(RSF/IFEX) – RSF has urged the Belarusian authorities to stop hounding and arresting journalists from the country’s Polish minority as part of the government’s present conflict with neighbouring Poland. On 27 July 2005, Andrei Pochobut, editor-in-chief of the Polish-language magazine “Magazyn Polski”, was given a 15-day prison sentence for “taking part in an illegal demonstration” […]
(RSF/IFEX) – RSF has urged the Belarusian authorities to stop hounding and arresting journalists from the country’s Polish minority as part of the government’s present conflict with neighbouring Poland.
On 27 July 2005, Andrei Pochobut, editor-in-chief of the Polish-language magazine “Magazyn Polski”, was given a 15-day prison sentence for “taking part in an illegal demonstration” in the western town of Shchuchin on 3 July and for “civil disobedience” in protesting the government’s taking control of the Union of Poles in Belarus.
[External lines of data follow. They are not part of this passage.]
(* Let $\mathcal{D}=(\Omega,\mathcal{B})$ be a supersimple $2$-$(n,4,\lambda)$ design satisfying property $(\triangle)$, such that $(\Omega,\mathcal{C})$ is a regular two-graph where $\mathcal{C}$ is the set of collinear triples, and let $\infty\in\Omega$. Let $x,y,z\in\Omega$ be pairwise distinct. Then: (a) the order of $[x,y]\cdot[y,z]$ is $2$ if $x\in\overline{y,z}$, and $3$ if $x\notin\overline{y,z}$; (b) if $x\notin\overline{y,z}$ then $[z,x,y,z]=[x,y]$; (c) $\mathcal{L}(\mathcal{D})=\mathcal{L}_\infty(\mathcal{D})$ is a group of automorphisms of $\mathcal{D}$.
   Context: A $2$-$(n,4,\lambda)$ design $(\Omega,\mathcal{B})$: $n$ points, a multiset of $4$-subsets (lines), every $2$-subset in exactly $\lambda$ lines; supersimple: distinct lines meet in at most two points. For distinct $a,b$ with lines $\{a,b,a_i,b_i\}$ through them, $[a,b]:=(a,b)\prod_i(a_i,b_i)$; $[a,a]:=1$. Permutations act on the right, products composed left to right; $[a_0,\dots,a_k]:=[a_0,a_1]\cdots[a_{k-1},a_k]$. $\mathcal{L}(\mathcal{D})$ is the set of all move sequences; $\mathcal{L}_\infty(\mathcal{D})$ the set of move sequences starting at $\infty$. $\overline{y,z}$ is the set of points $w$ such that some line contains $y,z,w$. Property $(\triangle)$: if $B_1,B_2\in\mathcal{B}$ with $|B_1\cap B_2|=2$ then $B_1\triangle B_2\in\mathcal{B}$. Regular two-graph: $(\Omega,\mathcal{C})$ is a $2$-$(n,3,\mu)$ design with every $4$-subset containing $0,2$ or $4$ members of $\mathcal{C}$. *)

From mathcomp Require Import all_boot all_fingroup.
Set Implicit Arguments. Unset Strict Implicit. Unset Printing Implicit Defensive.
Local Open Scope group_scope.

Section Design.
Variable T : finType.
(* Lines of the design, as a set of 4-subsets (supersimplicity forbids
   repeated lines, so a set is as general as a multiset here). *)
Variable Bs : {set {set T}}.

Definition blocks_of_size4 := forall B, B \in Bs -> #|B| = 4.

Definition design_2 (n lam : nat) :=
  [/\ #|T| = n, blocks_of_size4 &
      forall a b : T, a != b -> #|[set B in Bs | (a \in B) && (b \in B)]| = lam].

Definition supersimple :=
  forall B1 B2, B1 \in Bs -> B2 \in Bs -> B1 != B2 -> #|B1 :&: B2| <= 2.

Definition prop_triangle :=
  forall B1 B2, B1 \in Bs -> B2 \in Bs -> #|B1 :&: B2| = 2 ->
    (B1 :\: B2) :|: (B2 :\: B1) \in Bs.

Definition collinear_triples : {set {set T}} :=
  [set t : {set T} | (#|t| == 3) && [exists B in Bs, t \subset B]].

Definition regular_two_graph (C : {set {set T}}) :=
  (forall t, t \in C -> #|t| = 3) /\
  (exists mu : nat, forall a b : T, a != b ->
      #|[set t in C | (a \in t) && (b \in t)]| = mu) /\
  (forall S : {set T}, #|S| = 4 ->
      #|[set t in C | t \subset S]| \in [:: 0; 2; 4]).

Definition overline (y z : T) : {set T} :=
  [set w | [exists B in Bs, [&& y \in B, z \in B & w \in B]]].

Definition swap_pair (S : {set T}) : {perm T} :=
  match [pick u in S] with
  | Some u => match [pick v in S :\ u] with
              | Some v => tperm u v
              | None => 1
              end
  | None => 1
  end.

(* [a,b] = (a,b) * prod_i (a_i,b_i) over the lines {a,b,a_i,b_i};
   [a,a] = 1.  MathComp permutations act on the right with
   (s * t) x = t (s x), matching the paper's convention. *)
Definition bracket (a b : T) : {perm T} :=
  if a == b then 1 else
  tperm a b * \prod_(B in Bs | (a \in B) && (b \in B)) swap_pair (B :\ a :\ b).

(* [a_0, a_1, ..., a_k] = [a_0,a_1] ... [a_{k-1},a_k] *)
Fixpoint move_seq (a : T) (s : seq T) : {perm T} :=
  match s with
  | [::] => 1
  | b :: s' => bracket a b * move_seq b s'
  end.

Definition L_D (g : {perm T}) : Prop := exists (a : T) (s : seq T), g = move_seq a s.
Definition L_inf (inf : T) (g : {perm T}) : Prop := exists s : seq T, g = move_seq inf s.

Definition automorphism (g : {perm T}) : Prop :=
  forall B : {set T}, (B \in Bs) = (g @: B \in Bs).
Three Polish journalists who had come to attend his trial before a Lida court were arrested the same day. Ten Belarusian and Polish journalists were also arrested by special police at the union’s Grodno office but released two hours later.
“These journalists must not be made to pay for the tension between the two countries,” RSF said. “We fear that Pochobut’s conviction is a warning to journalists fighting to defend the country’s Polish minority.” The organisation called on President Alexander Lukashenko to see to it that the journalists still being held are freed at once.
Pochobut and two members of the union, Josef Pazhetski and Mieczyslau Jaskiewicz, were arrested on 26 July as they were driving in Shchuchin. They were taken to a police station for questioning and tried the next day. Pazhetski and Jaskiewicz were sentenced to 10 days in prison. Pochobut was previously fined in early July for joining a protest against the distribution of false copies of the Polish paper “Glos Znad Niemna”.
Waclaw Radziwinowicz and Robert Kowalewski, reporters for Poland’s largest daily, “Gazeta Wyborcza”, were briefly arrested on their way to the trial. Agnieszka Romaszewska, of the Polish TV station TVP1, was also arrested on arrival in Shchuchin by police who said she did not have Foreign Ministry accreditation. She is still being held.
Special police units seized control of the union offices in Grodno late on 27 July. Ten Belarusian and Polish journalists who were inside, from “Gazeta Wyborcza”, Associated Press, “Glos Znad Niemna”, “Nasha Niva”, “Pressbol” and the website http://www.pahonia.promedia.by, were arrested and taken to a police station before being freed two hours later without being charged.
The arrests came as tensions rose between Poland and Belarus. Lukashenko has accused the United States of fomenting revolution in Belarus, helped by Poland, Lithuania and Ukraine. Three Polish diplomats were recently expelled from Minsk, and Warsaw also expelled three Belarusian diplomats. Poland recalled its ambassador in Belarus on 28 July and called for help from the European Union.